(Records shown Opens)

Definition adopt_prob (R : realType) (N K T : nat) (omega : 'I_N -> 'I_K)
  (p : token N T -> 'I_N -> R) (i : 'I_N) (k : 'I_K) : R :=
  \sum_(f : {ffun token N T -> 'I_N})
     placement_prob p f * pick_prob R omega f i k.

Definition Qfrac (R : realType) (N K : nat) (omega : 'I_N -> 'I_K) (k : 'I_K) : R :=
  #|[set i' : 'I_N | omega i' == k]|%:R / N%:R.

From HB Require Import structures.
From mathcomp Require Import all_boot all_order all_algebra.
From mathcomp Require Import all_classical all_reals all_analysis.
From mathcomp Require Import lra perm.

Set Implicit Arguments.
Unset Strict Implicit.
Unset Printing Implicit Defensive.
Import Order.TTheory GRing.Theory Num.Theory.
Local Open Scope ring_scope.

(* Write [G j] for the probability that agent [i] picks token [j]. Exchanging
   the final positions of two tokens [j], [j'] is a bijection on placements that
   turns "i picks j" into "i picks j'" and changes the probability of a placement
   by a factor at most [(hi/lo)^2 = 1 + O(1/N^2)], where [[lo, hi]] bounds the
   placement probabilities; so all the [G j] agree up to that factor. Their sum
   is the probability that some token reaches [i], which is at least
   [1 - (1 - lo)^(N T) >= 1 - O(1/(h log N))]. Hence each [G j] is [1/(N T)] up
   to a relative error [eps N], and summing over the [Z_k T] tokens carrying
   arm [k] gives [Q_k] up to the same relative error. *)

Lemma natr_card_set (R : numDomainType) (U : finType) (P : pred U) :
  (#|[set x | P x]|%:R : R) = \sum_x (P x)%:R.
Proof.
rewrite -sum1_card natr_sum big_mkcond /=; apply: eq_bigr => x _.
by rewrite inE; case: (P x).
Qed.
Lemma ts_mid_edges x y c : val y.2 = (val x.2).+2 -> c \in ts_mid F x y ->
  [/\ ts_edge F x c, ts_edge F c y & val c.2 = (val x.2).+1].
Proof.
move=> xy /setD1P [c_ne_y /setD1P [c_ne_x]]; rewrite inE => /and3P [_ xc cy].
have [k1 t1 [k1_0 k1_1]] := ts_le_time xc.
have [k2 t2 [k2_0 k2_1]] := ts_le_time cy.
have k1_ne0 : k1 != 0 by apply: contra_neq c_ne_x => /k1_0 ->.
have k2_ne0 : k2 != 0 by apply: contra_neq c_ne_y => /k2_0.
have [k1E k2E] : k1 = 1 /\ k2 = 1 by move: xy; rewrite t2 t1; lia.
by split; [exact: k1_1 | exact: k2_1 | rewrite t1 k1E addn1].
Qed.

Variables u v : 'S_n.

Lemma tspath_time P k : P \in TSpaths F u v -> k < h.+1 -> val (tpt P k).2 = k.
Proof.
rewrite inE => /and3P [/eqP P0 _ /forallP P_path].
elim: k => [|k IH] k_lt; first by rewrite P0.
by rewrite (ts_edge_time (P_path (Ordinal (k_lt : k < h)))) IH // ltnW.
Qed.

Lemma tpt_inord P k : P \in TSpaths F u v -> k < h.+1 -> tpt P k = ((tpt P k).1, inord k).
Proof.
move=> PP k_lt; rewrite [LHS]surjective_pairing; congr pair.
by apply: val_inj; rewrite /= inordK // tspath_time.
Qed.

Lemma tpt_replace_nth P i c k : k < h.+1 ->
  tpt (replace_nth P i c) k = if k == i then c else tpt P k.
Proof. exact: nth_replace_nth. Qed.

Lemma tspath_edge P k : P \in TSpaths F u v -> k < h -> ts_edge F (tpt P k) (tpt P k.+1).
Proof. by move=> + k_lt; rewrite inE => /and3P [_ _ /forallP /(_ (Ordinal k_lt))]. Qed.

Lemma tspath_edge_pred P i : P \in TSpaths F u v -> 0 < i -> i <= h ->
  ts_edge F (tpt P i.-1) (tpt P i).
Proof. by move=> PP i_gt0 i_le_h; rewrite -{2}(prednK i_gt0) tspath_edge // prednK. Qed.

Lemma tspath_mid P i : P \in TSpaths F u v -> 0 < i < h ->
  tpt P i \in ts_mid F (tpt P i.-1) (tpt P i.+1).
Proof.
move=> PP /andP [i_gt0 i_lt_h].
have e_prev := tspath_edge_pred PP i_gt0 (ltnW i_lt_h).
have e_next := tspath_edge PP i_lt_h.
rewrite !inE (ts_edge_neq e_next) eq_sym (ts_edge_neq e_prev) (ts_edge_vertexr e_prev).
by rewrite /ts_le !connect1.
Qed.

Lemma tpt_iTS G k : k < h.+1 -> tpt (iTS G) k = (pt G k, inord k).
Proof.
move=> k_lt; rewrite /tpt -(tnth_nth _ _ (Ordinal k_lt)) tnth_mktuple /pt (tnth_nth 1%g).
by congr pair; apply: val_inj; rewrite /= inordK.
Qed.

Lemma iTS_replace_nth G i z :
  iTS (replace_nth G i z) = replace_nth (iTS G) i (z, inord i).
Proof.
apply: eq_from_tnth => j; rewrite !tnth_mktuple.
by have [ji|//] := eqVneq (val j) i; rewrite -ji inord_val.
Qed.

Lemma iTS_tspath G : G \in F -> G \in Pbr h u v -> iTS G \in TSpaths F u v.
Proof.
move=> GF; rewrite !inE /is_tspath => /and3P [/eqP G0 /eqP Gh _].
rewrite !tpt_iTS // G0 Gh (inord_val ord0) (inord_val ord_max) !eqxx /=.
apply/forallP=> j; have j_lt : j < h.+1 := ltnW (ltn_ord j).
have j1_lt : j.+1 < h.+1 := ltn_ord j.
rewrite !tpt_iTS //; apply/existsP; exists G.
by rewrite GF /= /pt !(tnth_nth 1%g) !inordK ?eqxx.
Qed.

Lemma barflip_replace_nth P i c :
  ts_mid F (tpt P i.-1) (tpt P i.+1) :\ tpt P i = [set c] -> barflip F i P = replace_nth P i c.
Proof. by move=> E; rewrite /barflip E; case: pickP => [c' /set1P -> | /(_ c)]; rewrite ?set11. Qed.

Section Diamonds.

Hypothesis ts_diamonds : forall (i : 'I_h) (a b : 'S_n), (0 < val i)%N ->
  ts_vertex F (a, inord i.-1) -> ts_vertex F (b, inord i.+1) ->
  ts_interval F (a, inord i.-1) (b, inord i.+1) != set0 ->
  is_diamond F (a, inord i.-1) (b, inord i.+1).

Lemma tspath_diamond P i : P \in TSpaths F u v -> 0 < i < h ->
  is_diamond F (tpt P i.-1) (tpt P i.+1).
Proof.
move=> PP hi; have /andP [i_gt0 i_lt_h] := hi.
have prev_lt : i.-1 < h.+1 by lia.
have next_lt : i.+1 < h.+1 by lia.
have e_prev := tspath_edge_pred PP i_gt0 (ltnW i_lt_h).
have e_next := tspath_edge PP i_lt_h.
have /setD1P [_ /setD1P [_ i_mem]] := tspath_mid PP hi.
move: e_prev e_next i_mem.
rewrite (tpt_inord PP prev_lt) (tpt_inord PP next_lt) => e_prev e_next i_mem.
apply: (ts_diamonds (i := Ordinal i_lt_h) i_gt0).
- exact: ts_edge_vertexl e_prev.
- exact: ts_edge_vertexr e_next.
- by apply/set0Pn; exists (tpt P i).
Qed.

Lemma tspath_other_mid P i : P \in TSpaths F u v -> 0 < i < h ->
  #|ts_mid F (tpt P i.-1) (tpt P i.+1) :\ tpt P i| = 1.
Proof.
move=> PP hi; have := cardsD1 (tpt P i) (ts_mid F (tpt P i.-1) (tpt P i.+1)).
by rewrite tspath_mid // {1}/ts_mid (eqP (tspath_diamond PP hi)) add1n => -[].
Qed.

(Records shown Closes)

> **Brief**:
Would you please set down the lines from the one with "- exact: ts_edge_vertexl e_prev." to the end of the data above, exactly and without any other lines?

> **Answer to the problem**:
- exact: ts_edge_vertexl e_prev.
- exact: ts_edge_vertexr e_next.
- by apply/set0Pn; exists (tpt P i).
Qed.

Lemma tspath_other_mid P i : P \in TSpaths F u v -> 0 < i < h ->
  #|ts_mid F (tpt P i.-1) (tpt P i.+1) :\ tpt P i| = 1.
Proof.
move=> PP hi; have := cardsD1 (tpt P i) (ts_mid F (tpt P i.-1) (tpt P i.+1)).
by rewrite tspath_mid // {1}/ts_mid (eqP (tspath_diamond PP hi)) add1n => -[].
Qed.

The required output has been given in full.